Putting user databases and/or system databases on the C drive can cause a few different problems. Let’s break it down by the type of database.
User Databases on C Drive
By default, SQL Server’s user databases are installed on the system drive. This is a recipe for disaster under several situations:
- If your users do something that require the databases to grow (like never purging backup history from MSDB or building giant temp tables), they can grow until the system drive runs out of space, and Windows will stop dead. It’ll be your fault.
- If someone else does something to run the system drives out of space (like downloading huge files to their desktop or running big Windows Updates), the system will stop dead. It won’t be your fault – but actually, it still will be.
- If transaction log backups aren’t done fast enough, regular day-to-day activity or index maintenance might cause log files to grow to the point where the drive fills up. You guessed it – your fault.
We’re checking sys.master_files for database files on the C drive. If your system has a non-C system drive, you’ll need to perform this check separately yourself.
To Fix the Problem
Read the Microsoft knowledge base article on how to move SQL Server databases, but for user databases (which are often larger than system databases), we have special considerations. Consider log shipping the database under another name: do a full backup and transaction log backups of the existing database, and then restore those backups as a database with a different name on a different drive. During an outage window, you’ll be able to put the original database in read-only, do the last set of transaction log backups, restore them onto the other database, detach the original database, rename the newly restored database, and you’re off and running in a matter of minutes rather than hours.
This script from Mike Petri can also help: it takes the databases offline, moves them to a new location, and then brings them back online again. Just make sure you’ve got good backups of the database first, and consider copying them rather than moving them (that’s an easy change – look for @WorkingSQL = ‘MOVE “‘ in the script.)
After this change, you’ll have less reliability risk, and your system may even perform faster if the C drive ran on slow storage. You can gauge that through Physical Disk Avg sec/Read and sec/Write metrics, or through the file activity DMVs.
System Databases on C Drive
By default, SQL Server’s databases are installed on the system drive. This is a recipe for disaster under two situations:
- If your users do something that require the system databases to grow (like never purging backup history from MSDB or building giant temp tables), they can grow until the system drive runs out of space, and Windows will stop dead. It’ll be your fault.

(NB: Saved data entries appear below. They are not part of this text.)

Lemma creep_to_right s : a <= s -> s < b -> creep_bound s <= g s ->
  exists2 s', s < s' & forall u, s < u -> u <= s' -> u <= b -> creep_bound u <= g u.
Proof.
rewrite /creep_bound => as_ slb Ps; case: (pselect (N s)) => Ns.
- have : nbhs s U by apply: open_nbhs_nbhs; split => //; exact: NU.
  move=> /nbhs_ballP [r /= r0 Hr].
  exists (s + r / 2); first by rewrite ltrDl divr_gt0.
  move=> u su usr ub.
  have sub : [set` `]s, u]] `<=` U.
    move=> z /=; rewrite in_itv /= => /andP[sz zu]; apply: Hr.
    rewrite /ball /= distrC ger0_norm; last by rewrite subr_ge0 ltW.
    have : r / 2 < r by rewrite ltr_pdivrMr // ltr_pMr // ltr1n.
    lra.
  have := variation_in_extend as_ (ltW su) ub sub.
  have : eps * (s - a) <= eps * (u - a) by apply: ler_wpM2l; [exact: ltW | lra].
  have := ler_norm (g s - g u); rewrite distrC.
  lra.
- have [h h0 Hh] := dini s as_ slb Ns eps eps0.
  exists (s + h); first by rewrite ltrDl.
  move=> u su ush ub.
  have := Hh (u - s); rewrite subr_gt0 su lerBlDl => /(_ isT ush).
  rewrite [s + (u - s)]addrC subrK => gu.
  have := variation_in_mono (ltW su) ub.
  have : eps * (u - s) = eps * (u - a) - eps * (s - a) by rewrite -mulrBr; congr (_ * _); lra.
  lra.
Qed.

(* Off U, g can only lose eps per unit length; on U it can lose at most the
   variation of g on U, which absolute continuity keeps below eps. *)
Lemma abs_continuous_creep : g a - eps * (b - a) - eps <= g b.
Proof.
suff : creep_bound b <= g b.
  by rewrite /creep_bound; have := variation_in_le (lexx b); lra.
apply: (@real_induction R a b (fun u => creep_bound u <= g u) ab).
- rewrite /creep_bound subrr mulr0 subr0 lerBlDr lerDl; exact: variation_in_ge0.
- exact: creep_from_left.
- exact: creep_to_right.
Qed.
(* Every weakly mixing dynamical system $(X,T)$ is transitively sensitive.
   Context: A dynamical system $(X,T)$: $X$ is a compact metric space (metric $d$) with more than one point and without isolated points, $T:X\to X$ a continuous surjection. ''Opene'' means open and nonempty. $(X,T)$ is transitive if $N_T(U,V)=\{n\in\mathbb{Z}_+:U\cap T^{-n}V\neq\varnothing\}\neq\varnothing$ for all opene $U,V$; weakly mixing if $(X\times X,T\times T)$ is transitive. With $S_T(U,\delta)=\{n\in\mathbb{Z}_+:\exists x_1,x_2\in U,\ d(T^nx_1,T^nx_2)>\delta\}$, $(X,T)$ is transitively sensitive if there is $\delta>0$ with $S_T(W,\delta)\cap N_T(U,V)\neq\varnothing$ for all opene $U,V,W\subset X$. *)

From HB Require Import structures.
From mathcomp Require Import all_boot all_order all_algebra.
From mathcomp Require Import all_classical all_reals all_analysis.
Set Implicit Arguments. Unset Strict Implicit. Unset Printing Implicit Defensive.
Import Order.TTheory GRing.Theory Num.Theory.
Local Open Scope classical_set_scope.
Local Open Scope ring_scope.

Definition opene {Y : topologicalType} (U : set Y) : Prop := open U /\ U !=set0.

Definition N_T {Y : topologicalType} (f : Y -> Y) (U V : set Y) : set nat :=
  [set n | U `&` (iter n f @^-1` V) !=set0].

Definition transitive {Y : topologicalType} (f : Y -> Y) : Prop :=
  forall U V : set Y, opene U -> opene V -> N_T f U V !=set0.

Definition prod_map {Y : Type} (f : Y -> Y) : Y * Y -> Y * Y :=
  fun p => (f p.1, f p.2).

Definition weakly_mixing {Y : topologicalType} (f : Y -> Y) : Prop :=
  transitive (prod_map f).

Definition S_T {R : realType} {X : metricType R} (f : X -> X) (U : set X)
  (delta : R) : set nat :=
  [set n | exists x1 x2, U x1 /\ U x2 /\ delta < mdist (iter n f x1) (iter n f x2)].

Definition transitively_sensitive {R : realType} {X : metricType R}
  (f : X -> X) : Prop :=
  exists2 delta : R, 0 < delta &
    forall U V W : set X, opene U -> opene V -> opene W ->
      S_T f W delta `&` N_T f U V !=set0.

Definition dynamical_system {R : realType} {X : metricType R} (f : X -> X) : Prop :=
  [/\ compact [set: X],
      (exists x y : X, x <> y),
      (forall x : X, ~ open [set x]),
      continuous f &
      (forall y : X, exists x, f x = y)].

From HB Require Import structures.
From mathcomp Require Import all_boot all_order all_algebra.
From mathcomp Require Import all_classical all_reals all_analysis.
From mathcomp Require Import lra.
Set Implicit Arguments. Unset Strict Implicit. Unset Printing Implicit Defensive.
Import Order.TTheory GRing.Theory Num.Theory.
Local Open Scope classical_set_scope.
Local Open Scope ring_scope.

(* Take two distinct points x, y, put delta := d(x, y) / 3 and let B1, B2 be
   the delta-balls around x and y.  Weak mixing applied to W × B1 and W × B2
   gives k such that W' := W ∩ T^-k W and B' := B1 ∩ T^-k B2 are nonempty
   open sets; applied to W' × U and B' × V it gives n in N(U, V) and w in W'
   with T^n w in B'.  Then w and T^k w both lie in W, while their n-th
   iterates lie in B1 and B2, hence are more than delta apart. *)

Lemma open_setX (Y Z : topologicalType) (A : set Y) (B : set Z) :
  open A -> open B -> open (A `*` B).
Proof.
move=> oA oB; rewrite openE => -[a b] [/= Aa Bb].
by exists (A, B) => //=; split; exact: open_nbhs_nbhs.
Qed.

Lemma opene_setX (Y Z : topologicalType) (A : set Y) (B : set Z) :
  opene A -> opene B -> opene (A `*` B).
Proof.
move=> [oA [a Aa]] [oB [b Bb]]; split; first exact: open_setX.
by exists (a, b).
Qed.

Lemma opene_interior_ball (R : realType) (X : metricType R) (x : X) (r : R) :
  0 < r -> opene (ball x r)°.
Proof.
move=> r0; split; first exact: open_interior.
exists x; apply: nbhs_singleton; apply: nbhs_interior; exact: nbhsx_ballx.
Qed.

Lemma continuous_iter (Y : topologicalType) (f : Y -> Y) (n : nat) :
  continuous f -> continuous (iter n f).
Proof.
move=> cf; elim: n => [|n IH] x /=; first exact: cvg_id.
exact: continuous_comp (IH x) (cf _).
Qed.

Lemma iter_prod_map (Y : Type) (f : Y -> Y) (n : nat) (p : Y * Y) :
  iter n (prod_map f) p = (iter n f p.1, iter n f p.2).
Proof. by elim: n => [|n IH] /=; [case: p | rewrite IH]. Qed.

Lemma N_T_prod_map (Y : topologicalType) (f : Y -> Y) (A B C D : set Y) :
  N_T (prod_map f) (A `*` B) (C `*` D) = N_T f A C `&` N_T f B D.
Proof.
apply/seteqP; split=> n /=.
- move=> [[a b] [[Aa Bb]]] /=; rewrite iter_prod_map => -[Ca Db].
  by split; [exists a | exists b].
- move=> [[a [Aa Ca]] [b [Bb Db]]]; exists (a, b).
  by rewrite /= iter_prod_map.
Qed.

Lemma weakly_mixing_N_TI (Y : topologicalType) (f : Y -> Y)
    (U1 V1 U2 V2 : set Y) :
  weakly_mixing f -> opene U1 -> opene V1 -> opene U2 -> opene V2 ->
  N_T f U1 V1 `&` N_T f U2 V2 !=set0.
Proof.
move=> wm oU1 oV1 oU2 oV2; rewrite -N_T_prod_map.
by apply: wm; exact: opene_setX.
Qed.

Lemma opene_N_T (Y : topologicalType) (f : Y -> Y) (U V : set Y) (n : nat) :
  continuous f -> open U -> open V -> N_T f U V n ->
  opene (U `&` iter n f @^-1` V).
Proof.
move=> cf oU oV UVn; split=> //; apply: openI => //.
by move/continuous_iter/continuousP: cf; apply.
Qed.

Lemma weakly_mixing_N_T_spread (Y : topologicalType) (f : Y -> Y)
    (U V W B1 B2 : set Y) :
  continuous f -> weakly_mixing f ->
  opene U -> opene V -> opene W -> opene B1 -> opene B2 ->
  exists2 n, N_T f U V n &
    exists w w', [/\ W w, W w', B1 (iter n f w) & B2 (iter n f w')].
Proof.
move=> cf wm oU oV oW oB1 oB2.
have [k [WWk B12k]] := weakly_mixing_N_TI wm oW oW oB1 oB2.
have [n [WBn UVn]] := weakly_mixing_N_TI wm
  (opene_N_T cf oW.1 oW.1 WWk) (opene_N_T cf oB1.1 oB2.1 B12k) oU oV.
exists n => //; move: WBn => [w [[Ww Wkw] [B1nw]]].
rewrite /= -iterD addnC iterD => B2nkw.
by exists w, (iter k f w).
Qed.

Lemma mdist_balls_gt (R : realType) (X : metricType R) (x y p q : X) (r : R) :
  ball x r p -> ball y r q -> mdist x y - 2 * r < mdist p q.
Proof.
rewrite !ballEmdist /= => xp yq.
have := metric_triangle x p y; have := metric_triangle p q y.
rewrite (metric_sym q y); lra.
Qed.

Theorem proposition4p5 (R : realType) (X : metricType R) (T : X -> X) :
  dynamical_system T -> weakly_mixing T -> transitively_sensitive T.
Proof.
move=> [_ [x [y /eqP xy]] _ cT _] wm.
have xy0 : 0 < mdist x y by rewrite mdist_gt0.
have d0 : 0 < mdist x y / 3 by rewrite divr_gt0.
exists (mdist x y / 3) => // U V W oU oV oW.
have [n UVn [w [w' [Ww Ww' B1 B2]]]] := weakly_mixing_N_T_spread cT wm oU oV oW
  (opene_interior_ball x d0) (opene_interior_ball y d0).
exists n; split=> //; exists w, w'; do 2!split=> //.
have := mdist_balls_gt (interior_subset B1) (interior_subset B2); lra.
Qed.
(* A crude lower bound on the order of GL_m(F):
   |GL_m| = q^C(m,2) (q - 1)...(q^m - 1) >= q^(m(m-1)). *)
Lemma card_unitmx_ge m :
  (q ^ (m * m.-1) <= #|[set g : 'M[F]_m | g \in unitmx]|)%N.
Proof.
case: m => [|m].
  by rewrite card_gt0; apply/set0Pn; exists 1%:M; rewrite inE unitmx1.
rewrite (eq_card (B := [pred g : 'M[F]_m.+1 | g \is a GRing.unit]));
  last by move=> g; rewrite inE.
have := card_GL F (ltn0Sn m); rewrite cardsT /= card_sub => ->.
have -> : (m.+1 * m.+1.-1 = 'C(m.+1, 2) + 'C(m.+1, 2))%N.
  by rewrite bin2 addnn halfK oddM /= andNb subn0.
by rewrite expnD leq_mul // prod_expn_pred_ge.
Qed.

End MatrixCounting.

Lemma card_dep_pairs (T1 T2 : finType) (P : pred T1) (Q : T1 -> pred T2) :
  #|[set p : T1 * T2 | P p.1 && Q p.1 p.2]| = (\sum_(a | P a) #|[set b | Q a b]|)%N.
Proof.
rewrite -sum1_card.
transitivity (\sum_(p | P p.1 && Q p.1 p.2) 1)%N.
  by apply: eq_bigl => p; rewrite inE.
rewrite -(pair_big_dep P Q (fun _ _ => 1%N)); apply: eq_bigr => a _.
by rewrite -sum1_card; apply: eq_bigl => b; rewrite inE.
Qed.

Lemma mxrank_col_mx_le (K : fieldType) m1 m2 n (X : 'M[K]_(m1, n)) (Y : 'M_(m2, n)) :
  (\rank (col_mx X Y) <= \rank X + \rank Y)%N.
Proof. by rewrite -(addsmxE X Y); case: (mxrank_adds_leqif X Y). Qed.

Lemma unitmx_eqmx (K : fieldType) m p (g : 'M[K]_m) (B : 'M_(m, p)) :
  g \in unitmx -> (g *m B :=: B)%MS.
Proof. by move=> g_unit; apply: eqmxMfull; rewrite row_full_unit. Qed.

Section AlternatingForm.
Variables (F : finFieldType) (n : nat) (A : 'M[F]_n).
Hypothesis skewA : A^T = - A.
Local Notation q := #|F|.

(* The form (x, y) |-> x A y^T is skew, so a matrix X in the left kernel of A
   is orthogonal to everything. *)
Lemma radical_orthogonal s j (X : 'M[F]_(s, n)) (Y : 'M[F]_(j, n)) :
  X *m A = 0 -> Y *m A *m X^T = 0.
Proof.
move=> XA0; apply: trmx_inj; rewrite trmx0 !trmx_mul trmxK skewA.
by rewrite mulNmx mulmxN mulmxA XA0 mul0mx oppr0.
Qed.

(* A j-frame: j vectors spanning an isotropic space on which u |-> u A is
   injective, i.e. an isotropic space meeting the radical ker A trivially. *)
Definition isoframe j (Y : 'M[F]_(j, n)) : bool :=
  (Y *m A *m Y^T == 0) && (\rank (Y *m A) == j).

Lemma isoframe_col_mx j (u : 'rV[F]_n) (D : 'M[F]_(j, n)) :
  isoframe (col_mx u D) -> isoframe D && (u *m (A *m D^T) == 0).
Proof.
rewrite /isoframe mul_col_mx tr_col_mx mul_col_row -block_mx0.
case/andP=> /eqP/eq_block_mx [_ uAD0 _ DAD0] /eqP rank_uD.
rewrite DAD0 mulmxA uAD0 !eqxx andbT /= eqn_leq rank_leq_row -(leq_add2l 1).
rewrite -[X in (X <= _)%N]rank_uD (leq_trans (mxrank_col_mx_le _ _)) //.
by rewrite leq_add2r rank_leq_row.
Qed.
(* leading term (coefficient times monomial) w.r.t. lex; LT 0 = 0 *)
Definition LT (p : {mpoly F[n]}) : {mpoly F[n]} :=
  \sum_(m <- msupp p | all (fun m' => ~~ mlexlt m m') (msupp p))
     p@_m *: 'X_[m].

Definition ideal_gen (S : {mpoly F[n]} -> Prop) (f : {mpoly F[n]}) : Prop :=
  exists (gs cs : seq {mpoly F[n]}),
    (forall g, g \in gs -> S g) /\ size cs = size gs /\
    f = \sum_(i < size gs) cs`_i * gs`_i.

Definition vanishing_ideal (S : ('I_n -> F) -> Prop) (f : {mpoly F[n]}) : Prop :=
  forall v, S v -> f.@[v] = 0.

Definition is_groebner (G : seq {mpoly F[n]}) (I : {mpoly F[n]} -> Prop) : Prop :=
  (forall g, g \in G -> I g) /\
  (forall f, ideal_gen (fun h => exists2 g, g \in G & h = LT g) f <->
             ideal_gen (fun h => exists2 g, I g & h = LT g) f).

End Generic.

Definition offset (s : nat) (f : 'I_s -> nat) (i : 'I_s) : nat :=
  (\sum_(j < s | (j < i)%N) f j)%N.

Lemma offset_lt (s : nat) (f : 'I_s -> nat) (i : 'I_s) (t : 'I_(f i)) :
  (offset f i + t < \sum_(j < s) f j)%N.
Proof.
rewrite /offset [X in (_ < X)%N](bigID (fun j : 'I_s => (j < i)%N)) /=.
rewrite ltn_add2l (bigD1 i) /= ?ltnn //.
by apply: (leq_trans (ltn_ord t)); apply: leq_addr.
Qed.

Section Vars.
Variables (s : nat) (k r : 'I_s -> nat).

Definition nvars : nat := (\sum_(i < s) k i + \sum_(i < s) r i)%N.

Lemma xvar_lt (i : 'I_s) (t : 'I_(k i)) : (offset k i + t < nvars)%N.
Proof. exact: (leq_trans (offset_lt t) (leq_addr _ _)). Qed.

Lemma yvar_lt (i : 'I_s) (j : 'I_(r i)) :
  (\sum_(i0 < s) k i0 + (offset r i + j) < nvars)%N.
Proof. by rewrite /nvars ltn_add2l; exact: offset_lt. Qed.

(* x_{i,t} is variable number offset k i + t; y_{i,j} is variable number
   (sum of all k) + offset r i + j; so the lex order 'X_0 > 'X_1 > ...
   is exactly x_{1,1} > ... > x_{s,k_s} > y_{1,1} > ... > y_{s,r_s}. *)
Definition xvar (i : 'I_s) (t : 'I_(k i)) : 'I_nvars := Ordinal (xvar_lt t).
Definition yvar (i : 'I_s) (j : 'I_(r i)) : 'I_nvars := Ordinal (yvar_lt j).
(* The DFT matrix [W] diagonalises every circulant [H], so it suffices to
   understand [W A].  Column [m K + k] of the GFDM matrix [A] is the prototype
   [g] cyclically delayed by [m K] and modulated by [e^{j 2 pi k n / K}], i.e.
   by the [k M]-th power of a primitive [D]-th root of unity; hence the same
   column of [W A] is, up to a phase, [W g] cyclically shifted by [k M].  The
   hypothesis says that [W g] vanishes outside the [M] cyclically consecutive
   frequencies starting at [l], so the entry of [C^{-l} W H A] in row [f] and
   column [m K + k] vanishes unless [f / M = k].  The permutations in [U] and
   [P] just sort rows and columns by this band index, which makes
   [U H~ P^H] block diagonal; as [U] and [P] are unitary, this is the
   claimed factorisation. *)

From mathcomp Require Import all_boot all_algebra.
From mathcomp Require Import reals trigo.
From mathcomp Require Import complex mxtens.
From mathcomp Require Import ring lra zify.

Set Implicit Arguments.
Unset Strict Implicit.
Unset Printing Implicit Defensive.

Import order.Order.TTheory GRing.Theory Num.Theory.
Local Open Scope ring_scope.

Lemma Posz_modn (x D : nat) : ((x %% D)%N)%:Z = x%:Z - D%:Z * (x %/ D)%N%:Z.
Proof. by rewrite {2}(divn_eq x D) PoszD PoszM; ring. Qed.

Lemma addn_subn_modn (D m a : nat) : (m < D)%N -> (a <= D)%N ->
  (((m + a) %% D + D - a) %% D = m)%N.
Proof.
by move=> mD aD; rewrite -addnBA // modnDml -addnA subnKC // modnDr modn_small.
Qed.

Lemma iter_ordS_val n l (i : 'I_n) : val (iter l (@ordS n) i) = ((i + l) %% n)%N.
Proof.
elim: l => [|l IH]; first by rewrite addn0 modn_small.
by rewrite iterS /= IH -addn1 modnDml addn1 addnS.
Qed.

Lemma ordmod_addn_inj D a : injective (fun m : 'I_D => ordmod m (m + a)).
Proof.
move=> m1 m2 /(congr1 val) /= /eqP; rewrite eqn_modDr => /eqP.
by rewrite !modn_small // => /val_inj.
Qed.

Lemma leq_offband_modn K M f k : (0 < M)%N -> (f < K * M)%N -> (k < K)%N ->
  (f %/ M != k)%N -> (M <= (f + K * M - k * M) %% (K * M))%N.
Proof.
move=> M_gt0 f_lt k_lt f_neq_k.
have q_lt : (f %/ M < K)%N by rewrite ltn_divLR // mulnC.
rewrite -divn_gt0 // -modn_divl -addnBA ?leq_mul2r ?(ltnW k_lt) ?orbT //.
rewrite -mulnBl divnDMl //; move: f_neq_k; set q := (f %/ M)%N => q_neq_k.
have [q_lt_k|k_lt_q|/eqP] := ltngtP q k; last by rewrite (negbTE q_neq_k).
- by rewrite modn_small; lia.
- by rewrite (_ : (q + (K - k) = (q - k) + K)%N) ?modnDr ?modn_small; lia.
Qed.

Lemma Sperm_band_index K M Rn q b : (0 < M)%N -> (q < K * Rn)%N -> (b < M)%N ->
  ((((q %% Rn) * K + q %/ Rn) * M + b) %% (K * M) %/ M = q %/ Rn)%N.
Proof.
move=> M_gt0 q_lt b_lt; have Rn_gt0 : (0 < Rn)%N by case: Rn q_lt; rewrite ?muln0.
rewrite -modn_divl divnMDl // (divn_small b_lt) addn0 modnMDl modn_small //.
by rewrite ltn_divLR.
Qed.

Lemma sum_mxtens_index (V : nmodType) m n (F : 'I_(m * n) -> V) :
  \sum_(k < m * n) F k = \sum_(a < m) \sum_(b < n) F (mxtens_index (a, b)).
Proof.
rewrite pair_big (reindex (@mxtens_unindex m n)) /=.
  by apply: eq_bigr => k _; rewrite mxtens_unindexK.
by exists (@mxtens_index m n) => k _; rewrite (mxtens_indexK, mxtens_unindexK).
Qed.

Lemma geometric_sum_root (C : fieldType) (z : C) n :
  z ^+ n = 1 -> z != 1 -> \sum_(k < n) z ^+ k = 0.
Proof.
move=> zn z_neq1; have := subrX1 z n; rewrite zn subrr => /esym/eqP.
by rewrite mulf_eq0 subr_eq0 (negbTE z_neq1) => /eqP.
Qed.
(* If phi identifies the nodes ur, us of a 2eps-pair of leaves ui, uj, the
   Ancestor-Shift property at ur and us puts i^{2eps}(ur) above both leaves,
   hence above their lca v; but f(v) > f(ur) + 2eps.
   Conversely, let phi(x1) >= phi(x2) with i^{2eps}(x1) not above x2.  Then x1
   and x2 lie on incomparable branches, above leaves u1 and u2, and
   f(x1) + 2eps < f(w) for w the lca of u1 and u2.  As the tree is augmented,
   both branches carry nodes at the height of the higher of the two nodes just
   below x1 and x2 (node heights lie in H), so (u1, u2) has a 2eps-pair
   (ur, us).  By its maximality no value of H lies strictly between f(ur) and
   f(w) - 2eps; hence no node of the augmented Mg separates the image paths of
   u1 and u2 between the levels of phi(ur) and phi(x1).  These paths meet at
   phi(x1), so they already agree at the level of phi(ur): phi(ur) = phi(us). *)

From HB Require Import structures.
From mathcomp Require Import all_boot all_order all_algebra.
From mathcomp Require Import boolp reals lra.
Set Implicit Arguments. Unset Strict Implicit. Unset Printing Implicit Defensive.
Import Order.TTheory GRing.Theory Num.Theory.
Local Open Scope ring_scope.

Section FiniteExtrema.
Variables (d : Order.disp_t) (O : orderType d) (T : finType) (F : T -> O).

Lemma exists_argmin (P : T -> Prop) x : P x ->
  exists2 m, P m & forall y, P y -> (F m <= F y)%O.
Proof.
move=> /asboolP Pbx.
case: (arg_minP (P := fun y => `[< P y >]) F Pbx) => m /asboolP Pm min_m.
by exists m => // y /asboolP; exact: min_m.
Qed.

Lemma exists_argmax (P : T -> Prop) x : P x ->
  exists2 m, P m & forall y, P y -> (F y <= F m)%O.
Proof.
move=> /asboolP Pbx.
case: (arg_maxP (P := fun y => `[< P y >]) F Pbx) => m /asboolP Pm max_m.
by exists m => // y /asboolP; exact: max_m.
Qed.

End FiniteExtrema.

Section MergeTree.
Variables (R : realType) (T : mtree R).
Local Notation par := (mt_par T).
Local Notation root := (mt_root T).
Local Notation ht := (mt_ht T).
Local Notation anc_node := (anc_node T).

Lemma iter_par_root k : iter k par root = root.
Proof. by elim: k => //= k ->; exact: mt_par_root. Qed.

Lemma ht_le_par v : ht v <= ht (par v).
Proof.
case: (eqVneq v root) => [->|/eqP nvr]; first by rewrite mt_par_root.
exact/ltW/mt_mono.
Qed.

Lemma anc_node_refl c : anc_node c c. Proof. by exists 0%N. Qed.

Lemma anc_node_par c : anc_node (par c) c. Proof. by exists 1%N. Qed.

Lemma anc_node_trans a b c : anc_node a b -> anc_node b c -> anc_node a c.
Proof. by move=> [k <-] [l <-]; exists (k + l)%N; rewrite iterD. Qed.

Lemma anc_node_root c : anc_node root c. Proof. exact: mt_reach. Qed.

Lemma ht_anc_node a c : anc_node a c -> ht c <= ht a.
Proof. by move=> [k <-]; elim: k => //= k IH; exact: le_trans IH (ht_le_par _). Qed.

Lemma ht_le_root c : ht c <= ht root. Proof. exact/ht_anc_node/anc_node_root. Qed.

Lemma anc_node_total a b c : anc_node a c -> anc_node b c -> anc_node a b \/ anc_node b a.
Proof.
move=> [k <-] [l <-]; case: (leqP k l) => hkl.
  by right; exists (l - k)%N; rewrite -iterD subnK.
by left; exists (k - l)%N; rewrite -iterD subnK // ltnW.
Qed.
(* Let $f(x):=x^n+a_1x^{n-1}+a_2x^{n-2}+\cdots+a_n$ be a real polynomial with roots $r,x_2,x_3,\ldots,x_n$, where $r$ is real and $\mathrm{Re}(x_j)\le 0$ for $j=2,3,\ldots,n$. Then: (i) Let $t$ be the largest integer such that $a_{2t}\ne0$. Then either $a_{2j}>0$ for all $j=1,2,\ldots,t$, or there exists $s\in\{1,2,\ldots,t\}$ such that $a_{2j}>0$ for $j=1,\ldots,s-1$, $a_{2s}\le 0$, and $a_{2j}<0$ for $j=s+1,\ldots,t$. (ii) Let $t'$ be the largest integer such that $a_{2t'-1}\ne0$. Then either $a_{2j-1}>0$ for all $j=1,2,\ldots,t'$, or there exists $s'\in\{1,2,\ldots,t'\}$ such that $a_{2j-1}>0$ for $j=1,\ldots,s'-1$, $a_{2s'-1}\le 0$, and $a_{2j-1}<0$ for $j=s'+1,\ldots,t'$. *)

From HB Require Import structures.
From mathcomp Require Import all_boot all_order all_algebra.
From mathcomp Require Import complex.
From mathcomp Require Import reals.
Set Implicit Arguments. Unset Strict Implicit. Unset Printing Implicit Defensive.
Import Order.TTheory GRing.Theory Num.Theory.
Local Open Scope ring_scope.

(* Coefficient a_k of f(x) = x^n + a_1 x^(n-1) + ... + a_n, i.e. the
   coefficient of x^(n-k); by convention a_k = 0 for k > n. *)
Definition coef_a (R : nzRingType) (n : nat) (f : {poly R}) (k : nat) : R :=
  if (k <= n)%N then f`_(n - k) else 0.

From HB Require Import structures.
From mathcomp Require Import all_boot all_order all_algebra.
From mathcomp Require Import complex.
From mathcomp Require Import reals.
From mathcomp Require Import zify ring lra.
Import Order.TTheory GRing.Theory Num.Theory.
Set Implicit Arguments. Unset Strict Implicit. Unset Printing Implicit Defensive.
Local Open Scope ring_scope.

- If someone else does something to run the system drives out of space (like downloading huge files to their desktop or running big Windows Updates), the system will stop dead. It won’t be your fault – but actually, it still will be.
We’re checking sys.master_files for database files on the C drive. If your system has a non-C system drive, you’ll need to perform this check separately yourself.
To Fix the Problem
Read the Microsoft knowledge base article on how to move SQL Server databases, but try this on a development or test server first.
After this change, you’ll have less reliability risk, and your system may even perform faster if the C drive ran on slow storage. You can gauge that through Physical Disk Avg sec/Read and sec/Write metrics, or through the file activity DMVs.